| Exercise objective |
Output range, inclusive: from the line containing "both cases z" to the line containing "exists q d : Z, (0". Restate those lines from the data below word for word and only those.

Saved entries:
☆ ☆ ☆ ☆ ☆
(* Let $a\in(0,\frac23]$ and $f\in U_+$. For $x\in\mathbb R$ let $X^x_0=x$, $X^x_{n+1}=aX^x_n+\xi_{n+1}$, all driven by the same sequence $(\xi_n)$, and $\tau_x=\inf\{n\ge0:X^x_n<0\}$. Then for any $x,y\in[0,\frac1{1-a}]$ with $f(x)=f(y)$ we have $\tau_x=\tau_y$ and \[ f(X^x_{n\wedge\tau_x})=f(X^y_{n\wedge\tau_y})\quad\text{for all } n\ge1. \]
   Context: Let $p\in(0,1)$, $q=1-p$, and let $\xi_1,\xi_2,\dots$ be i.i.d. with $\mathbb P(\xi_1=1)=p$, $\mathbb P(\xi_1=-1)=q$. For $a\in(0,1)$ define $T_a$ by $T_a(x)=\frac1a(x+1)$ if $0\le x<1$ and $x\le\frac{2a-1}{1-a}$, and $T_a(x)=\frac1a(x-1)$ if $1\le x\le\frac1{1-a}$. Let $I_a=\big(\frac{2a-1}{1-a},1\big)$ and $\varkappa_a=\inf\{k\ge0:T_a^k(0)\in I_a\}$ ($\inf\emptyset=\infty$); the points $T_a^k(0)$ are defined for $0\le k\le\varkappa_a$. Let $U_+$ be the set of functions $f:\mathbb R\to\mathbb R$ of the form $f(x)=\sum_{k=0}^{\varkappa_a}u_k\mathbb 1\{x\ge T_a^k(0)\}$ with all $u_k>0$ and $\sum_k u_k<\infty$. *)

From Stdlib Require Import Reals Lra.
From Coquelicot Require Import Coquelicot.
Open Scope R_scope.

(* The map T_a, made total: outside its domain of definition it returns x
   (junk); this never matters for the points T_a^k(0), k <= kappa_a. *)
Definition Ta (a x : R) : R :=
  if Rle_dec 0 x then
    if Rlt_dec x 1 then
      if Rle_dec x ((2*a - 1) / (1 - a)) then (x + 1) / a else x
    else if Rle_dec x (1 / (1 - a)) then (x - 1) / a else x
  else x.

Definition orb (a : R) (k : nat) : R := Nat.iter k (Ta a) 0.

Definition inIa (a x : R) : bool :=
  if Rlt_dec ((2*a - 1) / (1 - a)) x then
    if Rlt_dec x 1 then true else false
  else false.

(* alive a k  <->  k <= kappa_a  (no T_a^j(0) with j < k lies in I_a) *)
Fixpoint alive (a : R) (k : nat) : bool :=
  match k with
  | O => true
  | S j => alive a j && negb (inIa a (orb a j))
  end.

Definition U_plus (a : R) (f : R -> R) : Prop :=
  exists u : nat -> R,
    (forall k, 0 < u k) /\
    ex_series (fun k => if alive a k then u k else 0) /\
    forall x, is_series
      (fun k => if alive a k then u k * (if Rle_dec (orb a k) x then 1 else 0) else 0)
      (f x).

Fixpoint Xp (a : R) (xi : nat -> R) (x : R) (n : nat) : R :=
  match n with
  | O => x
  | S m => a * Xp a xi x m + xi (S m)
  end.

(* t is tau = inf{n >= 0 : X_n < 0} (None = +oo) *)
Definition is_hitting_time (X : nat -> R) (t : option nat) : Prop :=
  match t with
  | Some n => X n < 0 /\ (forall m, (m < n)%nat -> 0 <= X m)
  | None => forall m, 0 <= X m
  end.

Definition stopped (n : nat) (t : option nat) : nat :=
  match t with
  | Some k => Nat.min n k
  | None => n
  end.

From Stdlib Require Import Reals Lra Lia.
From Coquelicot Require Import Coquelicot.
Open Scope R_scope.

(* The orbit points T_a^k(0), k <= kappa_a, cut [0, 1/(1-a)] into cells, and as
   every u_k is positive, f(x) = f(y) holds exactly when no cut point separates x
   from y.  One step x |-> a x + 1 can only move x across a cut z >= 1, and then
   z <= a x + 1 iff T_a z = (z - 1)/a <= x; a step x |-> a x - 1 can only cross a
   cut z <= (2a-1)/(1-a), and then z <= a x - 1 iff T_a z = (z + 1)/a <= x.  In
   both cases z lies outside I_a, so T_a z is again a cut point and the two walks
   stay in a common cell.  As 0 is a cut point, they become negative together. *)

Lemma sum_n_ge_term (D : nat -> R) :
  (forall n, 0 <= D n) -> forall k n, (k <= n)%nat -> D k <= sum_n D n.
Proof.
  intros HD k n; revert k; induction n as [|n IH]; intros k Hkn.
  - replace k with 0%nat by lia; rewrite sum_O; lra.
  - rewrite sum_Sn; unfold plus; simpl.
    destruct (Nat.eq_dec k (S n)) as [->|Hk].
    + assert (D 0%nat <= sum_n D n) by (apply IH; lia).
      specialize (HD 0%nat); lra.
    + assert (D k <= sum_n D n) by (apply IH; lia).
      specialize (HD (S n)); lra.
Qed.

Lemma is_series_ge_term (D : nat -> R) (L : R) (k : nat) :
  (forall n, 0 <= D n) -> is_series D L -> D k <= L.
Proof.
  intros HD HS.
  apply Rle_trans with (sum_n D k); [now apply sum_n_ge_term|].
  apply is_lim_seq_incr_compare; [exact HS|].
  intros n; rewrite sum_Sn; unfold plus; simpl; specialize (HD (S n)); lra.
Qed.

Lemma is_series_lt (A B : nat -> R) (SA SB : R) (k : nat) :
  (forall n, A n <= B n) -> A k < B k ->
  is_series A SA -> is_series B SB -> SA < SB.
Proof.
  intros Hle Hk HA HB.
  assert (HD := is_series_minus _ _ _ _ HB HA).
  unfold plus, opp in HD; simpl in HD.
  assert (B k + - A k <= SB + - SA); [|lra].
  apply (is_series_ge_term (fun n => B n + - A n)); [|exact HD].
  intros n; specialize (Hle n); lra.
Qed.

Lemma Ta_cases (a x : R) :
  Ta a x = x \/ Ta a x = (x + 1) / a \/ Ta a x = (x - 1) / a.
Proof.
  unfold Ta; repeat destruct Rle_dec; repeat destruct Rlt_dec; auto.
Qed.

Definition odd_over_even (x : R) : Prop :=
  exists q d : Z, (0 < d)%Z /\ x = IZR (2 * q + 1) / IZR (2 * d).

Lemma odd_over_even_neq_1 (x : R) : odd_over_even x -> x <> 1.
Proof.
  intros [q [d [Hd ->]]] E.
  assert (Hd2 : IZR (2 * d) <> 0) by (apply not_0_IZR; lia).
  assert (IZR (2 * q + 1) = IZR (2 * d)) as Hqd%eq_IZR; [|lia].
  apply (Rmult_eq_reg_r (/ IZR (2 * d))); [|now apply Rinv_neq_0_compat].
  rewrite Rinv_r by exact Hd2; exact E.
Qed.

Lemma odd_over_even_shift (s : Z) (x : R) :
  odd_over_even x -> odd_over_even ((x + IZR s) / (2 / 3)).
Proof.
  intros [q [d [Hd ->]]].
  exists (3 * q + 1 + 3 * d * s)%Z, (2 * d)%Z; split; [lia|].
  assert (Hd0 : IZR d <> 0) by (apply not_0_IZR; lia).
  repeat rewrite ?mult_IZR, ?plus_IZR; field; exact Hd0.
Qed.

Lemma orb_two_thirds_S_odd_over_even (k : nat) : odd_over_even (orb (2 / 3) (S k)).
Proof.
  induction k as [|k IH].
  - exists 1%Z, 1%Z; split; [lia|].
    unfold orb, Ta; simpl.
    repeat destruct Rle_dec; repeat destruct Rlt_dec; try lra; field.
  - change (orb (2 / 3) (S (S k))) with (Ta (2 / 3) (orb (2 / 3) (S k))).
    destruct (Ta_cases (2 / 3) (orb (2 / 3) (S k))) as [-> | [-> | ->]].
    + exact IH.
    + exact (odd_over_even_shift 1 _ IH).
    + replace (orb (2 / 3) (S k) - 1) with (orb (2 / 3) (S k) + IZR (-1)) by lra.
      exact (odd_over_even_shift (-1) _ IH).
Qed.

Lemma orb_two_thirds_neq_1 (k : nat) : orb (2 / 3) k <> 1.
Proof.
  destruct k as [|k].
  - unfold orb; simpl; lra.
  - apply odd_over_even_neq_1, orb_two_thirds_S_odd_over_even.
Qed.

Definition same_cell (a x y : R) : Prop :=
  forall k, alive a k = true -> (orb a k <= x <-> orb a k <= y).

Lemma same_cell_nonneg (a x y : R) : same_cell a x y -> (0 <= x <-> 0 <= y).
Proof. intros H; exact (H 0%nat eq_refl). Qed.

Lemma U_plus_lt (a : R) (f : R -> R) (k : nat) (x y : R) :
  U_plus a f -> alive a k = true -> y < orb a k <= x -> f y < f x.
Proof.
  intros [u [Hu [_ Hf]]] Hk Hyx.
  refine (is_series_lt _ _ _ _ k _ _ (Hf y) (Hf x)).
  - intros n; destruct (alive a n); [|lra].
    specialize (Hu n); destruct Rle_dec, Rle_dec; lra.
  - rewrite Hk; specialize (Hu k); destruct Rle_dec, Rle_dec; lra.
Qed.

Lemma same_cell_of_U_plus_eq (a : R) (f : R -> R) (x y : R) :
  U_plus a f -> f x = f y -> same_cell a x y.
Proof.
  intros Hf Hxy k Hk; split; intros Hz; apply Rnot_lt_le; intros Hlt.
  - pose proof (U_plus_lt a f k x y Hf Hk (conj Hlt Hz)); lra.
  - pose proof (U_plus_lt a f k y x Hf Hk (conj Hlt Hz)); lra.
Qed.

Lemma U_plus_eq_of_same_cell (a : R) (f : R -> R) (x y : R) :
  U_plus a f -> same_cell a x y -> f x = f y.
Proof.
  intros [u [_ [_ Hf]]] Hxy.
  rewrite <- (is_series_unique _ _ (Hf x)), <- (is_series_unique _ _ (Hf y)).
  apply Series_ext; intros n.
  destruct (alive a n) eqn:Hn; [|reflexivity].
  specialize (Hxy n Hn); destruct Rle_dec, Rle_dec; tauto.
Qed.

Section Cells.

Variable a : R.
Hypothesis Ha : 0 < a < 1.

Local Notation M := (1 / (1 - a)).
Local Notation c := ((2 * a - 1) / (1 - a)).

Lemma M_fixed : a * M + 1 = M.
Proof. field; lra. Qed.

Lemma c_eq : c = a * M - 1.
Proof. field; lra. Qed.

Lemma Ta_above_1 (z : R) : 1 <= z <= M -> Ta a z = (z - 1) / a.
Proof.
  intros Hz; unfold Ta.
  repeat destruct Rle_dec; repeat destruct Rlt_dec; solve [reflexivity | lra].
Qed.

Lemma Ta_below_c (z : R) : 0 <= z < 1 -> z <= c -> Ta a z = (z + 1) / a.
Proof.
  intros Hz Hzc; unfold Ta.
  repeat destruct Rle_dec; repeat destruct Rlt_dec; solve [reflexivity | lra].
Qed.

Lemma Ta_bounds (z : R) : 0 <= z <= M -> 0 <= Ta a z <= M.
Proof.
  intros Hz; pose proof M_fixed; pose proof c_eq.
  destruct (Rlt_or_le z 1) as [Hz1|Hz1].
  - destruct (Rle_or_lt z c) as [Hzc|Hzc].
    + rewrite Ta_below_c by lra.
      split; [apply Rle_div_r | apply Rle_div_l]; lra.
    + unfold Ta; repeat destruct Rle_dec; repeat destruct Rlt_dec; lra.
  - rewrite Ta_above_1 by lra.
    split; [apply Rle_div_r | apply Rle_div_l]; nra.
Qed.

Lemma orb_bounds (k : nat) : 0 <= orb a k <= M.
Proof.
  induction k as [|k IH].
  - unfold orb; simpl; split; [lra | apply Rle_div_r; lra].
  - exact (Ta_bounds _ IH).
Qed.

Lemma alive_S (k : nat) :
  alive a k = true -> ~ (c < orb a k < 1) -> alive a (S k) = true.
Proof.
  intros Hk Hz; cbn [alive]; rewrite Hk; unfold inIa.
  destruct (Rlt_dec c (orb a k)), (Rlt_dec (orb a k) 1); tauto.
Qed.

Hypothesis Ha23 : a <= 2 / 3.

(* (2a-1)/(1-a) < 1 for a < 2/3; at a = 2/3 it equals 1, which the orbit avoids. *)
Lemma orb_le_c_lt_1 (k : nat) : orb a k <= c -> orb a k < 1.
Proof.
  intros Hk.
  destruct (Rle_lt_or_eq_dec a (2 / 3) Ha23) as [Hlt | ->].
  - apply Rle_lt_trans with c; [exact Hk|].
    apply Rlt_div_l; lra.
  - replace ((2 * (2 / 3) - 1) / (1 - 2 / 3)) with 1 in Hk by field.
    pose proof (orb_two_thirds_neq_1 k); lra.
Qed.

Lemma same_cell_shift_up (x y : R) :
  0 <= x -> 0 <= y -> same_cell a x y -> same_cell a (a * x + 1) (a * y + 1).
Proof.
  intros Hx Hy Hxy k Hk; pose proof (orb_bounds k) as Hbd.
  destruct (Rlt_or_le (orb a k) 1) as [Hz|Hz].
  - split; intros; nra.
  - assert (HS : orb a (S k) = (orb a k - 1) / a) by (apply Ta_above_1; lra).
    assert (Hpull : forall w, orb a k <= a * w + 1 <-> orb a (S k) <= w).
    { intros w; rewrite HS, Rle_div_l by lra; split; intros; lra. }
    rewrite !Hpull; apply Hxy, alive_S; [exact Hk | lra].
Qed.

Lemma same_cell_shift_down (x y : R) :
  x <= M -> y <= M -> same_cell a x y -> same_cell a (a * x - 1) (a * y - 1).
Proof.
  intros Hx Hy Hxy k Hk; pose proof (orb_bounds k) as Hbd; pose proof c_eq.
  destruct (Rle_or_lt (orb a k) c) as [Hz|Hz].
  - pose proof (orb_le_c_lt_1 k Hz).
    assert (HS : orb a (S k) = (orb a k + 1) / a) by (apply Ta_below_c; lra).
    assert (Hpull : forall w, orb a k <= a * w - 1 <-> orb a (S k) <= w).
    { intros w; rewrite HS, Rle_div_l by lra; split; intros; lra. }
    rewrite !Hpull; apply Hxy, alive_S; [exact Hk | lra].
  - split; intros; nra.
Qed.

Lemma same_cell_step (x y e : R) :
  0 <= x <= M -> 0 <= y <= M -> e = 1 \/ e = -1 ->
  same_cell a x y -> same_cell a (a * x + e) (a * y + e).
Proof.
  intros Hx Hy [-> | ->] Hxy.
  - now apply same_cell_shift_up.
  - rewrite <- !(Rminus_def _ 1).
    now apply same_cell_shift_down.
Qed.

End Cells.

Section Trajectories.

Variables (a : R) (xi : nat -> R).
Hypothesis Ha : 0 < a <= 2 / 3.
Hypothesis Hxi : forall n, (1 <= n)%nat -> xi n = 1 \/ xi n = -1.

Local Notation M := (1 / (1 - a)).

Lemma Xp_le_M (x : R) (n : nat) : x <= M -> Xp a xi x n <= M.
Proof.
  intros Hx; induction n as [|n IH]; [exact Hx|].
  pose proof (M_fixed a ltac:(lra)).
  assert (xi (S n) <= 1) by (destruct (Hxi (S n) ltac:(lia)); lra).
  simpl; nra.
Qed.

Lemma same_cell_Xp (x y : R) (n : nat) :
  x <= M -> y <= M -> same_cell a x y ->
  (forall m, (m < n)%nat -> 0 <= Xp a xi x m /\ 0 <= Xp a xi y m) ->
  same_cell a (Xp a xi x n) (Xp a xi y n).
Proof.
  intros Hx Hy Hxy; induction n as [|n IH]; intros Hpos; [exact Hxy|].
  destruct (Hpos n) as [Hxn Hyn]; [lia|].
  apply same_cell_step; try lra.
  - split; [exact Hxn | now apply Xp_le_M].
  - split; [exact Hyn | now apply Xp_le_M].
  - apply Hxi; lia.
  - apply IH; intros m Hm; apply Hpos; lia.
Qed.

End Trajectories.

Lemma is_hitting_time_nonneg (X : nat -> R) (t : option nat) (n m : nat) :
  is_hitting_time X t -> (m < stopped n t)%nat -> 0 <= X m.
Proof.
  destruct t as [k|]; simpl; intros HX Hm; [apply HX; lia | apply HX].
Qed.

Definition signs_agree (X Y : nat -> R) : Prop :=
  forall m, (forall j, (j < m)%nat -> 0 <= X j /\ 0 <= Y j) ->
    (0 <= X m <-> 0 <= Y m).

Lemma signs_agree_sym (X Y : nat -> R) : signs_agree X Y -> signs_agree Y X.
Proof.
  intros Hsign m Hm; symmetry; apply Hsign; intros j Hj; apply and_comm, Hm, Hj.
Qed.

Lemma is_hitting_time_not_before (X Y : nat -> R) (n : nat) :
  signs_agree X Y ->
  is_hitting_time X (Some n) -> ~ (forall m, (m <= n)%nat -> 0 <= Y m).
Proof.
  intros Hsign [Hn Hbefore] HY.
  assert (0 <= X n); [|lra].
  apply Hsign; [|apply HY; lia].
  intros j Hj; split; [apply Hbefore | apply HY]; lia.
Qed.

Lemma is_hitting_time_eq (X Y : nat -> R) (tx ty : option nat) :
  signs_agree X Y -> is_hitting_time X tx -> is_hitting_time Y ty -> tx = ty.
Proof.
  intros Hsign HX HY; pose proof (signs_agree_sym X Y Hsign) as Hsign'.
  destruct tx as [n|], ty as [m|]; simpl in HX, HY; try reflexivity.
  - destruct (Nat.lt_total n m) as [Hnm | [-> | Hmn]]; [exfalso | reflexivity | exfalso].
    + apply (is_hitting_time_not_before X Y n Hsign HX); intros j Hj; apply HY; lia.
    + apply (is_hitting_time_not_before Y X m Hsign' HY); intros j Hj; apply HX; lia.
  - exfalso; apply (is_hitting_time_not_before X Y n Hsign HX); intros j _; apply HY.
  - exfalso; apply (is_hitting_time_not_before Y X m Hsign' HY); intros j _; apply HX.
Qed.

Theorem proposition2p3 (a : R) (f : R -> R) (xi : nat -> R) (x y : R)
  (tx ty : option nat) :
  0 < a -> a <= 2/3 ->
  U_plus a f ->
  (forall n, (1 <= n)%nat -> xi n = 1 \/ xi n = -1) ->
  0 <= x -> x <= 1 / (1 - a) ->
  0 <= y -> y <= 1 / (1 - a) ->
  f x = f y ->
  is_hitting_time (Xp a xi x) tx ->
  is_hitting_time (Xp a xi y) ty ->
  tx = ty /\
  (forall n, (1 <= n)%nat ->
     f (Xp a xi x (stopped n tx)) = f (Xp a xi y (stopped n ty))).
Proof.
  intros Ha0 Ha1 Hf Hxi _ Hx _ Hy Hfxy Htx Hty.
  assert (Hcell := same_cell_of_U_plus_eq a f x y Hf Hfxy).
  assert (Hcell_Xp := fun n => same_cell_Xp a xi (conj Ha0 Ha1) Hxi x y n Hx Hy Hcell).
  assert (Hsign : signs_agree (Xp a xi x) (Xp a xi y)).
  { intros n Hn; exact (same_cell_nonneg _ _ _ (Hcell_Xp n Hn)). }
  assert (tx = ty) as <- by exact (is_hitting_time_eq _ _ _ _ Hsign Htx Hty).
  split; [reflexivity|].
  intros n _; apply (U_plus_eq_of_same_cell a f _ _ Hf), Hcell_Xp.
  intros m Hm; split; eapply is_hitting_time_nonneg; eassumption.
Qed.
☆ ☆ ☆ ☆ ☆
| Solution below |
   both cases z lies outside I_a, so T_a z is again a cut point and the two walks
   stay in a common cell.  As 0 is a cut point, they become negative together. *)

Lemma sum_n_ge_term (D : nat -> R) :
  (forall n, 0 <= D n) -> forall k n, (k <= n)%nat -> D k <= sum_n D n.
Proof.
  intros HD k n; revert k; induction n as [|n IH]; intros k Hkn.
  - replace k with 0%nat by lia; rewrite sum_O; lra.
  - rewrite sum_Sn; unfold plus; simpl.
    destruct (Nat.eq_dec k (S n)) as [->|Hk].
    + assert (D 0%nat <= sum_n D n) by (apply IH; lia).
      specialize (HD 0%nat); lra.
    + assert (D k <= sum_n D n) by (apply IH; lia).
      specialize (HD (S n)); lra.
Qed.

Lemma is_series_ge_term (D : nat -> R) (L : R) (k : nat) :
  (forall n, 0 <= D n) -> is_series D L -> D k <= L.
Proof.
  intros HD HS.
  apply Rle_trans with (sum_n D k); [now apply sum_n_ge_term|].
  apply is_lim_seq_incr_compare; [exact HS|].
  intros n; rewrite sum_Sn; unfold plus; simpl; specialize (HD (S n)); lra.
Qed.

Lemma is_series_lt (A B : nat -> R) (SA SB : R) (k : nat) :
  (forall n, A n <= B n) -> A k < B k ->
  is_series A SA -> is_series B SB -> SA < SB.
Proof.
  intros Hle Hk HA HB.
  assert (HD := is_series_minus _ _ _ _ HB HA).
  unfold plus, opp in HD; simpl in HD.
  assert (B k + - A k <= SB + - SA); [|lra].
  apply (is_series_ge_term (fun n => B n + - A n)); [|exact HD].
  intros n; specialize (Hle n); lra.
Qed.

Lemma Ta_cases (a x : R) :
  Ta a x = x \/ Ta a x = (x + 1) / a \/ Ta a x = (x - 1) / a.
Proof.
  unfold Ta; repeat destruct Rle_dec; repeat destruct Rlt_dec; auto.
Qed.

Definition odd_over_even (x : R) : Prop :=
  exists q d : Z, (0 < d)%Z /\ x = IZR (2 * q + 1) / IZR (2 * d).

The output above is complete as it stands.